Each entry that follows needs to be written out exactly, with nothing left out.

**Items from a dataset:**
+++++

(* Let $\Omega\subset\mathbb{R}^d$ be a bounded domain and $k\ge1$. Suppose $f:\mathbb{R}^d\to\mathbb{R}$ can be represented by an MLP with width $W\ge1$, depth $L\ge1$ and activation function $\sigma_k(x)=\max(0,x)^k$. Then there exists a KAN $g$ with width $W$, depth at most $2L$, and grid size $G=2$ with $k$-th order B-spline functions such that $g(\mathbf{x})=f(\mathbf{x})$ for all $\mathbf{x}\in\Omega$.
   Context: An MLP of depth $L$ and width $W$ with activation $\sigma_k$ is a map $f=A_L\circ\sigma_k\circ A_{L-1}\circ\cdots\circ\sigma_k\circ A_1$, where the $A_l$ are affine maps, all intermediate (hidden) dimensions are at most $W$, and $\sigma_k$ is applied coordinatewise. A KAN of depth $D$ is a composition $\Phi_{D-1}\circ\cdots\circ\Phi_0$ of KAN layers, where a KAN layer from $\mathbb{R}^{m}$ to $\mathbb{R}^{m'}$ is a matrix of univariate functions $\{\phi_{j,i}\}$ acting by $(\Phi\mathbf{x})_j=\sum_{i=1}^{m}\phi_{j,i}(x_i)$; its width is the maximal hidden-layer dimension. Each univariate function has the form $\phi(x)=w_b\,\mathrm{silu}(x)+w_s\sum_i c_iB_i(x)$ with $\mathrm{silu}(x)=x/(1+e^{-x})$, real coefficients $w_b,w_s,c_i$, and $B_i$ the degree-$k$ B-splines on the knot sequence obtained from a uniform partition of an interval $[-R,R]$ into $G$ intervals extended uniformly by $k$ knots on each side (''grid size $G$ with $k$-th order B-splines''). *)

From HB Require Import structures.
From mathcomp Require Import all_boot all_order all_algebra.
From mathcomp Require Import all_classical all_reals all_analysis.
Set Implicit Arguments. Unset Strict Implicit. Unset Printing Implicit Defensive.
Import Order.TTheory GRing.Theory Num.Theory.
Local Open Scope ring_scope.

Section Nets.
Variable R : realType.

Definition sigmak (k : nat) (x : R) : R := (Num.max 0 x) ^+ k.

Definition affine (m n : nat) (A : 'M[R]_(m, n)) (b : 'rV[R]_n) (x : 'rV[R]_m)
  : 'rV[R]_n := x *m A + b.

Inductive mlp : nat -> nat -> Type :=
| MLast : forall m n, 'M[R]_(m, n) -> 'rV[R]_n -> mlp m n
| MCons : forall m h n, 'M[R]_(m, h) -> 'rV[R]_h -> mlp h n -> mlp m n.

Fixpoint mlp_eval (k : nat) (m n : nat) (N : mlp m n) : 'rV[R]_m -> 'rV[R]_n :=
  match N in mlp m n return 'rV[R]_m -> 'rV[R]_n with
  | MLast _ _ A b => fun x => affine A b x
  | MCons _ _ _ A b N' => fun x => mlp_eval k N' (map_mx (sigmak k) (affine A b x))
  end.

Fixpoint mlp_depth (m n : nat) (N : mlp m n) : nat :=
  match N with
  | MLast _ _ _ _ => 1
  | MCons _ _ _ _ _ N' => (mlp_depth N').+1
  end.

Fixpoint mlp_width (m n : nat) (N : mlp m n) : nat :=
  match N with
  | MLast _ _ _ _ => 0
  | MCons _ h _ _ _ N' => maxn h (mlp_width N')
  end.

+++++

**The answer:**
(* Let $\Omega\subset\mathbb{R}^d$ be a bounded domain and $k\ge1$. Suppose $f:\mathbb{R}^d\to\mathbb{R}$ can be represented by an MLP with width $W\ge1$, depth $L\ge1$ and activation function $\sigma_k(x)=\max(0,x)^k$. Then there exists a KAN $g$ with width $W$, depth at most $2L$, and grid size $G=2$ with $k$-th order B-spline functions such that $g(\mathbf{x})=f(\mathbf{x})$ for all $\mathbf{x}\in\Omega$.
   Context: An MLP of depth $L$ and width $W$ with activation $\sigma_k$ is a map $f=A_L\circ\sigma_k\circ A_{L-1}\circ\cdots\circ\sigma_k\circ A_1$, where the $A_l$ are affine maps, all intermediate (hidden) dimensions are at most $W$, and $\sigma_k$ is applied coordinatewise. A KAN of depth $D$ is a composition $\Phi_{D-1}\circ\cdots\circ\Phi_0$ of KAN layers, where a KAN layer from $\mathbb{R}^{m}$ to $\mathbb{R}^{m'}$ is a matrix of univariate functions $\{\phi_{j,i}\}$ acting by $(\Phi\mathbf{x})_j=\sum_{i=1}^{m}\phi_{j,i}(x_i)$; its width is the maximal hidden-layer dimension. Each univariate function has the form $\phi(x)=w_b\,\mathrm{silu}(x)+w_s\sum_i c_iB_i(x)$ with $\mathrm{silu}(x)=x/(1+e^{-x})$, real coefficients $w_b,w_s,c_i$, and $B_i$ the degree-$k$ B-splines on the knot sequence obtained from a uniform partition of an interval $[-R,R]$ into $G$ intervals extended uniformly by $k$ knots on each side (''grid size $G$ with $k$-th order B-splines''). *)

From HB Require Import structures.
From mathcomp Require Import all_boot all_order all_algebra.
From mathcomp Require Import all_classical all_reals all_analysis.
Set Implicit Arguments. Unset Strict Implicit. Unset Printing Implicit Defensive.
Import Order.TTheory GRing.Theory Num.Theory.
Local Open Scope ring_scope.

Section Nets.
Variable R : realType.

Definition sigmak (k : nat) (x : R) : R := (Num.max 0 x) ^+ k.

Definition affine (m n : nat) (A : 'M[R]_(m, n)) (b : 'rV[R]_n) (x : 'rV[R]_m)
  : 'rV[R]_n := x *m A + b.

Inductive mlp : nat -> nat -> Type :=
| MLast : forall m n, 'M[R]_(m, n) -> 'rV[R]_n -> mlp m n
| MCons : forall m h n, 'M[R]_(m, h) -> 'rV[R]_h -> mlp h n -> mlp m n.

Fixpoint mlp_eval (k : nat) (m n : nat) (N : mlp m n) : 'rV[R]_m -> 'rV[R]_n :=
  match N in mlp m n return 'rV[R]_m -> 'rV[R]_n with
  | MLast _ _ A b => fun x => affine A b x
  | MCons _ _ _ A b N' => fun x => mlp_eval k N' (map_mx (sigmak k) (affine A b x))
  end.

Fixpoint mlp_depth (m n : nat) (N : mlp m n) : nat :=
  match N with
  | MLast _ _ _ _ => 1
  | MCons _ _ _ _ _ N' => (mlp_depth N').+1
  end.

Fixpoint mlp_width (m n : nat) (N : mlp m n) : nat :=
  match N with
  | MLast _ _ _ _ => 0
  | MCons _ h _ _ _ N' => maxn h (mlp_width N')
  end.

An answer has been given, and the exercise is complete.